* **Requirement**
Among the records, which lines hold the word "Lemma"? Pick them out.

* **Data**
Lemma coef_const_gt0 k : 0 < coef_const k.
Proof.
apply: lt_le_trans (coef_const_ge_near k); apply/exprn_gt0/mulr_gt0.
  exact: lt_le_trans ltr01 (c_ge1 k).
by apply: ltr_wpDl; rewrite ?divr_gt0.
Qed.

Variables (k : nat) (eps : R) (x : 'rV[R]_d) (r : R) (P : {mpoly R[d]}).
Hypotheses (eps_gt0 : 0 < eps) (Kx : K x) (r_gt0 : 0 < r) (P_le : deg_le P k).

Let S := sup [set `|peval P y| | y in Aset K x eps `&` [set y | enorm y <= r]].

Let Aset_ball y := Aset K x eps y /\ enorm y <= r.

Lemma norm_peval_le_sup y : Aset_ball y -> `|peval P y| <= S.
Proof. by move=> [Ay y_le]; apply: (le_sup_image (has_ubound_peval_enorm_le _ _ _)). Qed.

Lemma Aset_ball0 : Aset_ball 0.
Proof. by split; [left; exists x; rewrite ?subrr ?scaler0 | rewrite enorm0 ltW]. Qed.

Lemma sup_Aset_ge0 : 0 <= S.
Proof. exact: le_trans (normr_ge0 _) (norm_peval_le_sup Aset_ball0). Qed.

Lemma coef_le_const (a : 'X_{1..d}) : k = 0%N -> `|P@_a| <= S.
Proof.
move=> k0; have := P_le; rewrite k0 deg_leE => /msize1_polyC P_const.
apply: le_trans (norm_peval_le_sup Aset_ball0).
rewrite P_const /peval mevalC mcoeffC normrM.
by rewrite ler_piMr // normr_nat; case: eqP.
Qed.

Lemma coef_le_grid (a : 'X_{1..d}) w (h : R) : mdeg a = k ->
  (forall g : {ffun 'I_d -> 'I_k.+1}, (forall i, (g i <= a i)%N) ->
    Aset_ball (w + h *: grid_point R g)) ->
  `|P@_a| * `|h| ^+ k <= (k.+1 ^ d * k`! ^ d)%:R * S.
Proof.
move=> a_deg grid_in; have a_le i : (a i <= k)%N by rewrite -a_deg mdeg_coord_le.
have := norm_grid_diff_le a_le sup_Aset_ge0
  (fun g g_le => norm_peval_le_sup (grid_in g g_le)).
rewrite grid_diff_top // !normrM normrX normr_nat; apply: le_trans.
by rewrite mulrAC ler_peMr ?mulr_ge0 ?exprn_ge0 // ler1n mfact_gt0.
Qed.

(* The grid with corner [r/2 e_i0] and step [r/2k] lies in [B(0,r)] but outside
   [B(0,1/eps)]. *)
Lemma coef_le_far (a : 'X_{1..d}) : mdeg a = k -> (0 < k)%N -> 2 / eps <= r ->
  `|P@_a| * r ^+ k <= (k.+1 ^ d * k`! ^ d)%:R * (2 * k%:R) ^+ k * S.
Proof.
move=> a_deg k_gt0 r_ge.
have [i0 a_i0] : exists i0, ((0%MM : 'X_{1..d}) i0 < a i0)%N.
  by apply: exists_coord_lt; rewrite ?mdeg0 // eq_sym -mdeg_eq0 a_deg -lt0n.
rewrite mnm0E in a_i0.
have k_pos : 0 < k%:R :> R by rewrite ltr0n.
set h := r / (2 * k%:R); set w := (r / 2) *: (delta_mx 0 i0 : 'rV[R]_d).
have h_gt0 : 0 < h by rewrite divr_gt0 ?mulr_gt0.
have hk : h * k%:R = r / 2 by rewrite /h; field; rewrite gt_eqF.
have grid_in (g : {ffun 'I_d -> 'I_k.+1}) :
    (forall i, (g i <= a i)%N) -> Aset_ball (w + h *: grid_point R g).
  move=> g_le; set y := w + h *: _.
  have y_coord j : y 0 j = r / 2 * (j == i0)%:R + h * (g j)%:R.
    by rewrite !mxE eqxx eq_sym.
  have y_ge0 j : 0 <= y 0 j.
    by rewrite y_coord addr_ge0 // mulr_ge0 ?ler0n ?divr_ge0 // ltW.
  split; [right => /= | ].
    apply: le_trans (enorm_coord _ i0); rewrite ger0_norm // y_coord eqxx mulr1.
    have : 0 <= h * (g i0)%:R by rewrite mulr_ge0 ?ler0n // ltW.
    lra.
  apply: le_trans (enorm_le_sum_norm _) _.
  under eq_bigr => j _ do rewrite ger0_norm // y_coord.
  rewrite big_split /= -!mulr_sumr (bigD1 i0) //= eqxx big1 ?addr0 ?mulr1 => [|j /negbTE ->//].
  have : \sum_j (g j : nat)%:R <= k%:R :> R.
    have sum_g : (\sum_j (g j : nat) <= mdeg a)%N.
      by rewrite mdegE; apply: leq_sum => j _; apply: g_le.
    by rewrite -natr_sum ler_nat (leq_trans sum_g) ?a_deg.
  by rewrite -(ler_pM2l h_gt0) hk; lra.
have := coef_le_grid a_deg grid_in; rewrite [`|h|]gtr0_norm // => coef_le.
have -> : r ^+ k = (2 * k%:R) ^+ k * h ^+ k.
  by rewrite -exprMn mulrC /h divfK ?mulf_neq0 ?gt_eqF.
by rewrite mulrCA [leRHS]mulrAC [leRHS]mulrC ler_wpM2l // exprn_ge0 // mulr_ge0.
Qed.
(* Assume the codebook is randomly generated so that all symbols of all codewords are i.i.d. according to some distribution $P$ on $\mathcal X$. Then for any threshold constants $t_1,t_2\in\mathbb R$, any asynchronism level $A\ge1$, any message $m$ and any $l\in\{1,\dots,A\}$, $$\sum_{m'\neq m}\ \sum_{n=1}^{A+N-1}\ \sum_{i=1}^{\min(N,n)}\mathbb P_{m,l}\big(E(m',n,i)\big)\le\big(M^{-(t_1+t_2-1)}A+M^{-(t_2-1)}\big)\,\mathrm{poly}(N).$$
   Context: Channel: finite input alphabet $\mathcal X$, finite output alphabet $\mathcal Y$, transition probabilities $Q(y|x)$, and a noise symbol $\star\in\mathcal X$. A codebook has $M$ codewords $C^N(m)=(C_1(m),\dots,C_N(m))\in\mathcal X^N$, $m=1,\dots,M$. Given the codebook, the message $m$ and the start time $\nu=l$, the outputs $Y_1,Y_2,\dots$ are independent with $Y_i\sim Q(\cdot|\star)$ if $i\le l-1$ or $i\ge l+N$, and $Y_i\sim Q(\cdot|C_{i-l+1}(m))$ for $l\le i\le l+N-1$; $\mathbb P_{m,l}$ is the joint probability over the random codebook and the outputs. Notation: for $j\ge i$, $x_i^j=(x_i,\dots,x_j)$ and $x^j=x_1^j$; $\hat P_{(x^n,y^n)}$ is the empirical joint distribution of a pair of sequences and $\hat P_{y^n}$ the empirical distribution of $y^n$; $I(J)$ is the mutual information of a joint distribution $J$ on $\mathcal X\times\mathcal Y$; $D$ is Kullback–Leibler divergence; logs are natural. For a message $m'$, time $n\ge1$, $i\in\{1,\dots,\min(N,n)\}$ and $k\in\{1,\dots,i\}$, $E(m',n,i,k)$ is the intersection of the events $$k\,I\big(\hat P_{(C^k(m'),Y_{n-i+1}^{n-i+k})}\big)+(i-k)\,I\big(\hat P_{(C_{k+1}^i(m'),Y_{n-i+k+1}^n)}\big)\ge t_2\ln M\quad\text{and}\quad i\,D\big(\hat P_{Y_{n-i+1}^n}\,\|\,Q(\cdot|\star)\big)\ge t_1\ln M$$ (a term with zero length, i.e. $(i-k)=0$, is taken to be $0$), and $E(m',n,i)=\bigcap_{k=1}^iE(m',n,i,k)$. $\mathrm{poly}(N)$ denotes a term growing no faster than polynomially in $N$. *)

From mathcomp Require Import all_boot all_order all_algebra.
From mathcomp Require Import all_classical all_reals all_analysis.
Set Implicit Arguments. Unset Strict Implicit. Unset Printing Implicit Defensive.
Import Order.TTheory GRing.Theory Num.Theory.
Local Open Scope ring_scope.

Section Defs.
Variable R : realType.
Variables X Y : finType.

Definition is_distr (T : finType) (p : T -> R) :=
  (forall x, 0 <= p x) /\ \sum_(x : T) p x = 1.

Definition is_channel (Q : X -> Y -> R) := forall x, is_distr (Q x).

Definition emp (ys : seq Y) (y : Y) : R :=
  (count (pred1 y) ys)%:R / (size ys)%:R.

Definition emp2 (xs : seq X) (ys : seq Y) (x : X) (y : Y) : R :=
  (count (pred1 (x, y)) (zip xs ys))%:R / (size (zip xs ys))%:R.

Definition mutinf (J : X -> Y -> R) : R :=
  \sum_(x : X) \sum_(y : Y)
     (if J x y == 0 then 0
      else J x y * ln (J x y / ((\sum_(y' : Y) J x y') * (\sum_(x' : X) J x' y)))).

* **Final answer**
Lemma coef_const_gt0 k : 0 < coef_const k.
Lemma norm_peval_le_sup y : Aset_ball y -> `|peval P y| <= S.
Lemma Aset_ball0 : Aset_ball 0.
Lemma sup_Aset_ge0 : 0 <= S.
Lemma coef_le_const (a : 'X_{1..d}) : k = 0%N -> `|P@_a| <= S.
Lemma coef_le_grid (a : 'X_{1..d}) w (h : R) : mdeg a = k ->
Lemma coef_le_far (a : 'X_{1..d}) : mdeg a = k -> (0 < k)%N -> 2 / eps <= r ->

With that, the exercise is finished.